[[ PROVIDED MATERIAL open ]]

Lemma Re_psi_pos : 0 < Re (psi zeta).
Proof.
  pose proof Re_Cexp_pos as H. rewrite <- Csinh_psi, Csinh_parts in H.
  change (0 < sinh (Re (psi zeta)) * cos (Im (psi zeta))) in H.
  pose proof Im_psi_bound as Hb. pose proof (cos_gt_0 _ (proj1 Hb) (proj2 Hb)).
  assert (Hsh : 0 < sinh (Re (psi zeta))) by (apply (Rmult_lt_reg_r (cos (Im (psi zeta)))); lra).
  destruct (Rle_lt_dec (Re (psi zeta)) 0) as [[Ha|Ha]|]; [|rewrite Ha, sinh_0 in Hsh; lra|assumption].
  apply sinh_lt in Ha. rewrite sinh_0 in Ha. lra.
Qed.

Lemma Im_psi_eq_0 : Im zeta = 0 -> Im (psi zeta) = 0.
Proof.
  intros Hy. set (b := Im (psi zeta)).
  assert (Hsin : sin b = 0).
  { assert (H : Im w = 0) by (unfold w, Cexp; simpl; rewrite Hy, sin_0; ring).
    rewrite <- Csinh_psi, Csinh_parts in H.
    change (cosh (Re (psi zeta)) * sin b = 0) in H.
    assert (0 < cosh (Re (psi zeta))) by (unfold cosh; pose proof (exp_pos (Re (psi zeta))); pose proof (exp_pos (- Re (psi zeta))); lra).
    apply Rmult_integral in H as [H|H]; [lra | exact H]. }
  pose proof (abs_mul_cos_le_abs_sin b Im_psi_bound) as H.
  pose proof (cos_gt_0 _ (proj1 Im_psi_bound) (proj2 Im_psi_bound)) as Hc.
  rewrite Hsin, Rabs_R0 in H. fold b in Hc. pose proof (Rabs_pos b).
  apply Rabs_eq_0. nra.
Qed.

Lemma dpsi_eq : dpsi zeta = (Csinh (psi zeta) / Ccosh (psi zeta))%C.
Proof.
  rewrite Csinh_psi, Ccosh_psi. unfold dpsi. rewrite Cexp_double.
  fold w. unfold s. f_equal. f_equal. ring.
Qed.

Lemma Cmod_Csinh_psi_pos : 0 < Cmod (Csinh (psi zeta)).
Proof. rewrite Csinh_psi. eapply Rlt_le_trans; [apply Re_Cexp_pos | apply Re_le_Cmod]. Qed.

Lemma Cmod_Ccosh_psi_pos : 0 < Cmod (Ccosh (psi zeta)).
Proof. rewrite Ccosh_psi. eapply Rlt_le_trans; [apply Re_s_pos | apply Re_le_Cmod]. Qed.

Lemma Cmod_psi_pos : 0 < Cmod (psi zeta).
Proof. eapply Rlt_le_trans; [apply Re_psi_pos | apply Re_le_Cmod]. Qed.

Lemma Cmod_1_add_psi_pos : 0 < Cmod (1 + psi zeta).
Proof.
  eapply Rlt_le_trans; [|apply Re_le_Cmod]. change (0 < 1 + Re (psi zeta)).
  pose proof Re_psi_pos. lra.
Qed.

Let Cmod_s_sq : Cmod (w * w + 1) = Cmod (Ccosh (psi zeta)) ^ 2.
Proof. rewrite Ccosh_psi, <- (Csqrt_sq (w * w + 1)), Cmod_mult. fold s. ring. Qed.

Lemma Cmod_1_add_Cexp_double : Cmod (1 + Cexp (2 * zeta)) = Cmod (Ccosh (psi zeta)) ^ 2.
Proof. rewrite Cexp_double, <- Cmod_s_sq. fold w. f_equal. ring. Qed.

Lemma Cmod_1_add_Cexp_opp_double :
  Cmod (1 + Cexp (- (2 * zeta))) = Cmod (Ccosh (psi zeta)) ^ 2 / Cmod (Csinh (psi zeta)) ^ 2.
Proof.
  pose proof (Re_pos_neq0 _ Re_Cexp_pos) as Hw.
  rewrite Cexp_opp, Cexp_double, <- Cmod_s_sq, Csinh_psi. fold w.
  replace (1 + / (w * w))%C with ((w * w + 1) / (w * w))%C by (field; exact Hw).
  rewrite Cmod_div, Cmod_mult by (apply Cmult_neq_0; exact Hw).
  unfold Rdiv. do 2 f_equal. ring.
Qed.

Lemma Cmod_Ccosh_psi_sq_ge :
  cos (Im zeta) * (1 + Cmod (Csinh (psi zeta)) ^ 2) <= Cmod (Ccosh (psi zeta)) ^ 2.
Proof. rewrite Csinh_psi, <- Cmod_s_sq. apply Cmod_Cexp_sq_add_1_ge. Qed.

Let ex_Cderive_s : ex_Cderive (fun t => Csqrt (Cexp t * Cexp t + 1)) zeta.
Proof.
  apply (ex_Cderive_comp Csqrt (fun t => Cexp t * Cexp t + 1)%C).
  - eexists. apply is_Cderive_Csqrt, Re_s_pos.
  - apply ex_Cderive_plus; [apply ex_Cderive_mult|apply ex_Cderive_const];
      eexists; apply is_Cderive_Cexp.
Qed.

Lemma ex_Cderive_psi : ex_Cderive psi zeta.
Proof.
  apply (ex_Cderive_comp Clog (fun t => Cexp t + Csqrt (Cexp t * Cexp t + 1))%C).
  - eexists. apply is_Cderive_Clog, Re_w_add_s_pos.
  - apply ex_Cderive_plus; [eexists; apply is_Cderive_Cexp | exact ex_Cderive_s].
Qed.

Lemma ex_Cderive_dpsi : ex_Cderive dpsi zeta.
Proof.
  apply (ex_derive_ext (fun t => Cexp t * / Csqrt (Cexp t * Cexp t + 1))%C).
  - intros t. unfold dpsi. rewrite Cexp_double.
    replace (1 + Cexp t * Cexp t)%C with (Cexp t * Cexp t + 1)%C by ring. reflexivity.
  - apply ex_Cderive_mult; [eexists; apply is_Cderive_Cexp|].
    apply (ex_Cderive_comp (fun t => / t)%C (fun t => Csqrt (Cexp t * Cexp t + 1))).
    + eexists. apply is_Cderive_Cinv, Re_pos_neq0, Re_s_pos.
    + exact ex_Cderive_s.
Qed.

End Psi.

Lemma analytic_on_F (d : R) (f : C -> C) : d <= PI / 2 ->
  analytic_on (psi_strip d) f ->
  analytic_on (strip d) (fun zeta => (f (psi zeta) * dpsi zeta)%C).
Proof.
  intros Hd Hf zeta Hz. pose proof (cos_Im_pos_of_strip d zeta Hd Hz) as Hc.
  apply ex_Cderive_mult; [|exact (ex_Cderive_dpsi zeta Hc)].
  apply (ex_Cderive_comp f psi); [apply Hf; exists zeta; auto | exact (ex_Cderive_psi zeta Hc)].
Qed.

Lemma sinh_le_mul_cosh (a : R) : 0 <= a -> sinh a <= a * cosh a.
Proof.
  intros [Ha|<-]; [|rewrite sinh_0; lra].
  destruct (MVT_cor2 (fun x => x * cosh x - sinh x) (fun x => x * sinh x) 0 a Ha) as [c [Hc Hca]].
  { intros c _. apply is_derive_Reals. unfold cosh, sinh. auto_derive; [exact I | field]. }
  cbv beta in Hc. rewrite sinh_0 in Hc. assert (0 < sinh c) by (rewrite <- sinh_0; apply sinh_lt; lra).
  assert (0 < c * sinh c * (a - 0)) by (apply Rmult_lt_0_compat; [apply Rmult_lt_0_compat|]; lra).
  lra.
Qed.

Lemma mul_cosh_le_sinh (a : R) : 0 <= a -> a * cosh a <= (1 + a) * sinh a.
Proof.
  intros Ha. pose proof (exp_ineq1_le (a + a)) as H. rewrite exp_plus in H.
  unfold cosh, sinh. rewrite exp_Ropp. pose proof (exp_pos a).
  assert (Hid : (1 + a) * ((exp a - / exp a) / 2) - a * ((exp a + / exp a) / 2)
                = (exp a * exp a - (1 + (a + a))) / (2 * exp a)) by (field; lra).
  assert (0 <= (exp a * exp a - (1 + (a + a))) / (2 * exp a)) by (apply Rdiv_le_0_compat; lra).
  lra.
Qed.

Lemma cosh_le_exp (a : R) : 0 <= a -> cosh a <= exp a.
Proof.
  intros Ha. unfold cosh.
  assert (exp (- a) <= exp a) by (destruct (Req_dec a 0) as [->|]; [rewrite Ropp_0; lra | left; apply exp_increasing; lra]).
  lra.
Qed.

Lemma Cmod_Ccosh_le_exp (z : C) : 0 <= Re z -> Cmod (Ccosh z) <= exp (Re z).
Proof.
  intros Ha. apply Rsqr_incr_0_var; [|left; apply exp_pos].
  rewrite !Rsqr_pow2, Cmod_Ccosh_sq.
  assert (cosh (Re z) ^ 2 <= exp (Re z) ^ 2).
  { apply pow_incr. split; [|apply cosh_le_exp, Ha]. unfold cosh. pose proof (exp_pos (Re z)). pose proof (exp_pos (- Re z)). lra. }
  rewrite cosh_sq in H. pose proof (COS_bound (Im z)). nra.
Qed.

Lemma sinh_nonneg (a : R) : 0 <= a -> 0 <= sinh a.
Proof. intros [Ha|<-]; [left; rewrite <- sinh_0; apply sinh_lt, Ha | rewrite sinh_0; lra]. Qed.

Lemma hyperbolic_ratio_upper (a b : R) : 0 <= a -> b ^ 2 * cos b ^ 2 <= sin b ^ 2 ->
  (a ^ 2 + b ^ 2) * (sinh a ^ 2 + cos b ^ 2) <=
  2 * (((1 + a) ^ 2 + b ^ 2) * (sinh a ^ 2 + sin b ^ 2)).
Proof.
  intros Ha Hb. pose proof (mul_cosh_le_sinh a Ha). pose proof (cosh_sq a).
  pose proof (sin2_cos2 b) as Hcs. rewrite !Rsqr_pow2 in Hcs.
  assert (Hch : 1 <= cosh a) by (unfold cosh; pose proof (exp_ineq1_le a); pose proof (exp_ineq1_le (- a)); lra).
  assert (H1 : a ^ 2 <= (1 + a) ^ 2 * sinh a ^ 2).
  { rewrite <- Rpow_mult_distr. apply pow_incr. nra. }
  assert (H2 : a ^ 2 * cos b ^ 2 <= a ^ 2) by (pose proof (pow2_ge_0 (sin b)); nra).
  pose proof (pow2_ge_0 a). pose proof (pow2_ge_0 b). pose proof (pow2_ge_0 (sinh a)).
  pose proof (pow2_ge_0 (sin b)). assert (1 <= (1 + a) ^ 2) by nra.
  nra.
Qed.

[[ PROVIDED MATERIAL closed ]]

§ **EXERCISE INSTRUCTIONS**: The answer is the records above restated word for word from their opening line through the line that holds "pose proof Im_psi_bound", both included, and nothing else.

§ **PROBLEM SOLUTION**:
Lemma Re_psi_pos : 0 < Re (psi zeta).
Proof.
  pose proof Re_Cexp_pos as H. rewrite <- Csinh_psi, Csinh_parts in H.
  change (0 < sinh (Re (psi zeta)) * cos (Im (psi zeta))) in H.
  pose proof Im_psi_bound as Hb. pose proof (cos_gt_0 _ (proj1 Hb) (proj2 Hb)).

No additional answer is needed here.